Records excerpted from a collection
(* Let $t_0\in\mathbb{R}$ and let $C$ be the third-order linear time-varying system $$c_3(t)y'''(t)+c_2(t)y''(t)+c_1(t)y'(t)+c_0(t)y(t)=x(t),\qquad t\ge t_0,$$ with $c_3(t)\neq 0$ for all $t\ge t_0$ and coefficients differentiable as often as needed below. Then: (i) $C$ can be decomposed as the cascade connection of a commutative pair consisting of a first-order system $A:\ a_1y_A'+a_0y_A=x_A$ and a second-order system $B:\ b_2y_B''+b_1y_B'+b_0y_B=x_B$ (with $a_1\neq0$, $b_2\neq 0$) if and only if there exist real constants $e_2\neq 0$, $e_1$, $e_0$ such that, defining $$a_1=\Big(\frac{c_3}{e_2}\Big)^{1/3},\qquad a_0=\frac{c_2-c_3'}{3e_2^{1/3}c_3^{2/3}}-\frac{e_1}{3e_2},$$ $$b_2=e_2a_1^2,\qquad b_1=e_2(a_1'+2a_0)a_1+e_1a_1,\qquad b_0=e_2(a_0'a_1+a_0^2)+e_1a_0+e_0,$$ the remaining coefficients of $C$ satisfy $$c_1=a_1b_1'+a_1b_0+a_0b_1,\qquad c_0=a_1b_0'+a_0b_0$$ (i.e. $c_1$ and $c_0$ are expressible in terms of $c_3$, $c_2$ and the constants $e_2,e_1,e_0$ through these formulas). (ii) If moreover the initial value $y(t_0)$ of $C$ is nonzero, the additional necessary and sufficient conditions for this decomposition to hold including initial conditions are $$e_2+e_1+e_0=1,$$ $$y_A(t_0)=y_B(t_0)=y(t_0),\qquad y'(t_0)=y_B'(t_0)=P(t_0)\,y(t_0),\qquad y''(t_0)=\big(P(t_0)^2+P'(t_0)\big)\,y(t_0),$$ where $$P(t)=\Big(\frac{e_2}{c_3(t)}\Big)^{1/3}\Big(1+\frac{e_1}{3e_2}\Big)-\frac{c_2(t)-c_3'(t)}{3c_3(t)}.$$
   Context: Systems. A first-order system $A$ is $a_1(t)y_A'(t)+a_0(t)y_A(t)=x_A(t)$ with $a_1(t)\neq0$, $a_i$ twice differentiable, initial value $y_A(t_0)$; a second-order system $B$ is $b_2(t)y_B''(t)+b_1(t)y_B'(t)+b_0(t)y_B(t)=x_B(t)$ with $b_2(t)\neq0$, $b_i$ once differentiable, initial values $y_B(t_0),y_B'(t_0)$; inputs are piecewise continuous on $[t_0,\infty)$. The cascade connection $AB$ is defined by $x_A=x$, $x_B=y_A$, output $y=y_B$; the cascade connection $BA$ by $x_B=x$, $x_A=y_B$, output $y=y_A$ (both with the same subsystem initial values $y_A(t_0),y_B(t_0),y_B'(t_0)$). $A$ and $B$ are a commutative pair if $AB$ and $BA$ have the same input-output relation (same output for every input and the given initial conditions). $C$ is decomposed into the commutative pair $A,B$ if $AB$ and $BA$ are commutative and both give the same output as $C$ for every input $x$ (with $C$'s initial values $y(t_0),y'(t_0),y''(t_0)$ corresponding to those of the subsystems in part (ii); with zero/unconstrained initial data in part (i), i.e. the differential equations coincide). $(\cdot)^{1/3}$ denotes the real cube root; primes denote derivatives in $t$. *)

From Stdlib Require Import Reals.
From Coquelicot Require Import Coquelicot.
Open Scope R_scope.
(** reflexivity: the canonical map J : D -> D^xx, J f = (F |-> conj <F,f>),
   is onto and a topological isomorphism onto D^xx with its strong topology
   (uniform convergence on strongly bounded subsets of D^x). *)
Definition reflexive (D : V -> Prop) (p : nat -> V -> R) : Prop :=
  [/\ (forall Phi, bidual D p Phi ->
          exists2 x, D x & forall F, conj_dual D p F -> Phi F = (F x)^*),
      (forall BB, sbounded D p BB -> exists (n : nat) (c : R),
          forall F x, BB F -> D x -> cmod (F x) <= c * pmax p n x) &
      (forall n : nat, exists2 BB, sbounded D p BB & exists c : R,
          forall x (s : R), D x -> 0 <= s -> (forall F, BB F -> cmod (F x) <= s) ->
             p n x <= c * s)].

(** rigged Hilbert space D[t] c H c D^x[t^x] with D[t] reflexive Frechet:
   D dense in H, topology t finer than the norm topology. *)
Definition rigged_reflexive_frechet (ip : V -> V -> C) (D : V -> Prop)
    (p : nat -> V -> R) : Prop :=
  [/\ hilbert_space ip, frechet_space D p, reflexive D p,
      (exists (n : nat) (c : R), forall x, D x -> hnorm ip x <= c * pmax p n x) &
      (forall (h : V) (e : R), 0 < e -> exists2 x, D x & hnorm ip (h - x) < e)].

(** ---------- operators, L^dagger(D) ----------
   A (possibly unbounded) linear operator in H is given by its graph
   A : V -> V -> Prop (A f h  means  f in D(A) and A f = h). *)
Definition lin_operator (A : V -> V -> Prop) : Prop :=
  (forall f h h', A f h -> A f h' -> h = h') /\
  (forall (a : C) f h f' h', A f h -> A f' h' -> A (a *: f + f') (a *: h + h')).

Definition closable (ip : V -> V -> C) (A : V -> V -> Prop) : Prop :=
  forall (u v : nat -> V) (k : V), (forall n, A (u n) (v n)) ->
    hcvg ip u 0 -> hcvg ip v k -> k = 0.

(** graph of the adjoint: A^* g = k *)
Definition adjoint (ip : V -> V -> C) (A : V -> V -> Prop) (g k : V) : Prop :=
  forall f h, A f h -> ip h g = ip f k.

Definition Ldagger (ip : V -> V -> C) (D : V -> Prop) (A : V -> V -> Prop) : Prop :=
  [/\ lin_operator A /\ closable ip A,
      (forall f, (exists h, A f h) <-> D f),
      (forall f h, A f h -> D h),
      (forall g, D g -> exists k, adjoint ip A g k) &
      (forall g k, D g -> adjoint ip A g k -> D k)].

Context {d : measure_display} {X : measurableType d}.

Definition cmeasurable (u : X -> C) : Prop :=
  measurable_fun setT (fun x => complex.Re (u x)) /\
  measurable_fun setT (fun x => complex.Im (u x)).

Definition cintegrable (mu : {measure set X -> \bar R}) (u : X -> C) : Prop :=
  mu.-integrable setT (fun x => (complex.Re (u x))%:E) /\
  mu.-integrable setT (fun x => (complex.Im (u x))%:E).

Definition cint (mu : {measure set X -> \bar R}) (u : X -> C) : C :=
  @Complex R (fine (\int[mu]_x (complex.Re (u x))%:E)) (fine (\int[mu]_x (complex.Im (u x))%:E)).

(** omega : X -> D^x, weakly measurable; omega x f = <omega_x, f>, so that
   <f, omega_x> = (omega x f)^* *)
Definition weakly_measurable (D : V -> Prop) (p : nat -> V -> R) (om : X -> V -> C) : Prop :=
  (forall x, conj_dual D p (om x)) /\
  (forall f, D f -> cmeasurable (fun x => (om x f)^*)).

Definition distribution_frame (ip : V -> V -> C) (D : V -> Prop) (p : nat -> V -> R)
    (mu : {measure set X -> \bar R}) (om : X -> V -> C) : Prop :=
  weakly_measurable D p om /\
  exists (A B : R), [/\ 0 < A, 0 < B & forall f, D f ->
    ((A * hnorm ip f ^+ 2)%:E <= \int[mu]_x ((cmod (om x f)) ^+ 2)%:E)%E /\
    (\int[mu]_x ((cmod (om x f)) ^+ 2)%:E <= (B * hnorm ip f ^+ 2)%:E)%E].

Definition mu_independent (D : V -> Prop) (mu : {measure set X -> \bar R})
    (om : X -> V -> C) : Prop :=
  forall xi : X -> C, cmeasurable xi ->
    (forall g, D g -> cintegrable mu (fun x => xi x * (om x g)^*) /\
                     cint mu (fun x => xi x * (om x g)^*) = 0) ->
    {ae mu, forall x, xi x = 0}.

Definition riesz_distribution_basis (ip : V -> V -> C) (D : V -> Prop) (p : nat -> V -> R)
    (mu : {measure set X -> \bar R}) (om : X -> V -> C) : Prop :=
  distribution_frame ip D p mu om /\ mu_independent D mu om.

Definition dual_basis (ip : V -> V -> C) (D : V -> Prop) (p : nat -> V -> R)
    (mu : {measure set X -> \bar R}) (om th : X -> V -> C) : Prop :=
  distribution_frame ip D p mu th /\
  forall f g, D f -> D g ->
    cintegrable mu (fun x => (th x f)^* * om x g) /\
    ip f g = cint mu (fun x => (th x f)^* * om x g).

(** graph of the distribution multiplier M_{m,omega,theta}:
   mult_graph m f h  means  f in D(M_m) and M_m f = h *)
Definition mult_graph (ip : V -> V -> C) (D : V -> Prop) (mu : {measure set X -> \bar R})
    (om th : X -> V -> C) (m : X -> C) (f h : V) : Prop :=
  [/\ D f,
      (forall g, D g -> cintegrable mu (fun x => m x * (om x f)^* * th x g)),
      (exists c : R, forall g, D g ->
          cmod (cint mu (fun x => m x * (om x f)^* * th x g)) <= c * hnorm ip g) &
      (forall g, D g -> ip h g = cint mu (fun x => m x * (om x f)^* * th x g))].

End RHS.

From Pilot Require Import Defs.
From mathcomp Require Import all_boot all_algebra.
From mathcomp Require Import complex.
From mathcomp Require Import all_classical all_reals all_analysis.
From mathcomp Require Import measurable_realfun ring.
Import GRing.Theory Num.Theory.
Local Open Scope ring_scope.
Local Open Scope classical_set_scope.

(* Otherwise [Re] is the real part of a [numClosedFieldType], not the
   projection of [R[i]] used in Defs. *)
Local Notation Re := complex.Re.
Local Notation Im := complex.Im.

(* The adjoint of a multiplier [M_m] in L^dagger(D) is read off the dual
   basis: if [M_m^* g = k] with [g, k] in D, then pairing against every
   [<h, omega_x>] gives [int (<theta_x, k> - m <theta_x, g>) <h, omega_x> = 0],
   so by mu-independence of omega, [<theta_x, k> = m(x) <theta_x, g>] a.e.
   Hence for [f] in D,
     [int m1 m2 <f, omega_x> <theta_x, g> = int m2 <f, omega_x> <theta_x, k>
                                          = <M_m2 f, k> = <M_m1 M_m2 f, g>],
   which says that [f] is in [D(M_(m1 m2))] with [M_(m1 m2) f = M_m1 M_m2 f]. *)

Section real_integral.
Context {d : measure_display} {X : measurableType d} {R : realType}.
Variable mu : {measure set X -> \bar R}.

Lemma integrable_ae_eq (f g : X -> \bar R) :
  mu.-integrable setT f -> measurable_fun setT g -> ae_eq mu setT f g ->
  mu.-integrable setT g.
Proof.
move=> /integrableP[mf intf] mg fg; apply/integrableP; split => //.
rewrite (ae_eq_integral (fun x => `|f x|)%E) //.
- exact: measurableT_comp.
- exact: measurableT_comp.
- by apply: filterS fg => x /= fgx /fgx ->.
Qed.

Lemma RintegralN (f : X -> R) :
  mu.-integrable setT (EFin \o f) -> \int[mu]_x (- f x) = - \int[mu]_x f x.
Proof.
move=> intf; rewrite (_ : (fun x => - f x) = fun x => 0 - f x); last first.
  by apply/funext => x; rewrite sub0r.
rewrite RintegralB //; last exact: integrable0.
by rewrite /Rintegral integral0 sub0r.
Qed.

End real_integral.

Section complex_integral.
Context {R : realType} {d : measure_display} {X : measurableType d}.
Variable mu : {measure set X -> \bar R}.
Implicit Types u v : X -> R[i].

Lemma ReM (a b : R[i]) : Re (a * b) = Re a * Re b - Im a * Im b.
Proof. by case: a b => [? ?] [? ?]. Qed.

Lemma ImM (a b : R[i]) : Im (a * b) = Re a * Im b + Im a * Re b.
Proof. by case: a b => [? ?] [? ?]. Qed.

Lemma ReJ (a : R[i]) : Re a^* = Re a.
Proof. by case: a. Qed.

Lemma ImJ (a : R[i]) : Im a^* = - Im a.
Proof. by case: a. Qed.

Lemma ReB (a b : R[i]) : Re (a - b) = Re a - Re b.
Proof. by case: a b => [? ?] [? ?]. Qed.

Lemma ImB (a b : R[i]) : Im (a - b) = Im a - Im b.
Proof. by case: a b => [? ?] [? ?]. Qed.

Lemma cintE u : cint mu u = Complex (\int[mu]_x Re (u x)) (\int[mu]_x Im (u x)).
Proof. by []. Qed.

Lemma cmeasurableJ u : cmeasurable (fun x => (u x)^*) <-> cmeasurable u.
Proof.
rewrite /cmeasurable (_ : (fun x => Re (u x)^*) = fun x => Re (u x)); last first.
  by apply/funext => x; rewrite ReJ.
rewrite (_ : (fun x => Im (u x)^*) = \- (fun x => Im (u x))); last first.
  by apply/funext => x; rewrite ImJ.
split=> -[mRe mIm]; split => //; last exact: measurable_funN.
by rewrite -[fun x => _]opprK; exact: measurable_funN.
Qed.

§ Your instructions
Reproduce exactly the line that holds "by rewrite /Rintegral integral0 sub0r.", then every line after it, ending with the final line of the records above.

§ Response
by rewrite /Rintegral integral0 sub0r.
Qed.

End real_integral.

Section complex_integral.
Context {R : realType} {d : measure_display} {X : measurableType d}.
Variable mu : {measure set X -> \bar R}.
Implicit Types u v : X -> R[i].

Lemma ReM (a b : R[i]) : Re (a * b) = Re a * Re b - Im a * Im b.
Proof. by case: a b => [? ?] [? ?]. Qed.

Lemma ImM (a b : R[i]) : Im (a * b) = Re a * Im b + Im a * Re b.
Proof. by case: a b => [? ?] [? ?]. Qed.

Lemma ReJ (a : R[i]) : Re a^* = Re a.
Proof. by case: a. Qed.

Lemma ImJ (a : R[i]) : Im a^* = - Im a.
Proof. by case: a. Qed.

Lemma ReB (a b : R[i]) : Re (a - b) = Re a - Re b.
Proof. by case: a b => [? ?] [? ?]. Qed.

Lemma ImB (a b : R[i]) : Im (a - b) = Im a - Im b.
Proof. by case: a b => [? ?] [? ?]. Qed.

Lemma cintE u : cint mu u = Complex (\int[mu]_x Re (u x)) (\int[mu]_x Im (u x)).
Proof. by []. Qed.

Lemma cmeasurableJ u : cmeasurable (fun x => (u x)^*) <-> cmeasurable u.
Proof.
rewrite /cmeasurable (_ : (fun x => Re (u x)^*) = fun x => Re (u x)); last first.
  by apply/funext => x; rewrite ReJ.
rewrite (_ : (fun x => Im (u x)^*) = \- (fun x => Im (u x))); last first.
  by apply/funext => x; rewrite ImJ.
split=> -[mRe mIm]; split => //; last exact: measurable_funN.
by rewrite -[fun x => _]opprK; exact: measurable_funN.
Qed.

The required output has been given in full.